In the past, our CI/CD was powered by a
self-hosted on-prem TeamCity setup - this
turned out to be a little difficult to operate & manage in a startup setting
like ours. Transitioning to
GitHub Actions & implementing our new
in-house built "Dynamic AutoScaling of GitHub Runners" - has helped us reduce
our Compute Costs
, Maintenance Efforts
& Configuration Time
across our
repositories for our CI/CD efforts (with
improved security).
Background
Before we begin we would like to give you an overview of CI/CD & explain our needs for it at Dgraph Labs Inc.
What is CI/CD?
source: https://www.synopsys.com/glossary/what-is-cicd.html
CI/CD is a two-step process that dramatically streamlines code development and delivery using the power of automation. CI (Continuous Integration) makes developer tasks around source code integration, testing and version control more efficient - so the software can get built with higher quality. CD (Continuous Deployment) automates software testing, release & deployment. CI/CD is often referred to as the DevOps Infinity Loop (as illustrated in the image above).
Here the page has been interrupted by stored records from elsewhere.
Lemma mu_approx t eps : 0 < eps -> exists h, admissible t h /\ N h < mu le N t + eps.
Proof.
  intros heps. apply NNPP. intros hno. destruct (mu_is_glb t) as [_ hgreatest].
  assert (hlb : is_lb_Rbar (mu_values t) (mu le N t + eps)).
  { intros r (f' & hf' & hsupp & ->). simpl. apply Rnot_lt_le. intros hlt. apply hno.
    exists (fun x => ind t x + f' x). split; [split|exact hlt].
    - apply C0_add; [apply C0_indicator | exact hf'].
    - intros y hty. destruct (Req_dec (f' y) 0) as [-> | hne]; [ring|].
      exfalso. exact (hty (hsupp y hne)). }
  pose proof (hgreatest _ hlb). simpl in *. lra.
Qed.

(** * Averages over a splitting tree *)

Definition splitting (G : T -> Prop) (u v : T -> T) : Prop :=
  forall q, G q -> G (u q) /\ G (v q) /\ le q (u q) /\ le q (v q) /\
                   ~ le (u q) (v q) /\ ~ le (v q) (u q).

Lemma ever_branching_splitting G : ever_branching le G -> exists u v, splitting G u v.
Proof.
  intros [_ hbr].
  destruct (choice (fun t (uv : T * T) => G t -> G (fst uv) /\ G (snd uv) /\ le t (fst uv) /\
                       le t (snd uv) /\ ~ le (fst uv) (snd uv) /\ ~ le (snd uv) (fst uv)))
    as [f hf].
  - intros t. destruct (classic (G t)) as [hGt | hGt].
    + destruct (hbr t hGt) as (u & v & h). exists (u, v). intros _. exact h.
    + exists (t, t). intros h. contradiction.
  - exists (fun t => fst (f t)), (fun t => snd (f t)). exact hf.
Qed.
Why is CI/CD important to us?
At Dgraph Labs Inc, we use CI/CD to facilitate our SDLC (Software Development Life Cycle) for our Dgraph Database and our Dgraph DBaaS (Cloud Offering) components. Like any tech company we want to minimize our bugs & deliver high quality products. The testing standards become strict for a Database company like ours, as a database becomes the most critical component of a software stack. To facilitate this, we follow the Practical Test Pyramid model along with other kinds of measurements instrumented into our CI/CD. To summarize, CI/CD helps us with:
- Ensuring higher code quality
- Obtaining continuous feedback
- Shipping efficiently (with higher confidence)
How we use CI/CD?
CI/CD at Dgraph
Our CI/CD use-cases mostly revolve in the following areas: Building for Multi-Architectures (amd64/arm64), Testing (Unit/Integration & Load), Deployments, Security Audits, Code Linting, Benchmarking & CodeCoverage. We will cover some of these topics in our future blog posts.
Old Setup (TeamCity)
As described above, Dgraph Labs Inc ran a self-managed on-prem TeamCity setup for CI/CD in the past. The setup looked similar to the image below.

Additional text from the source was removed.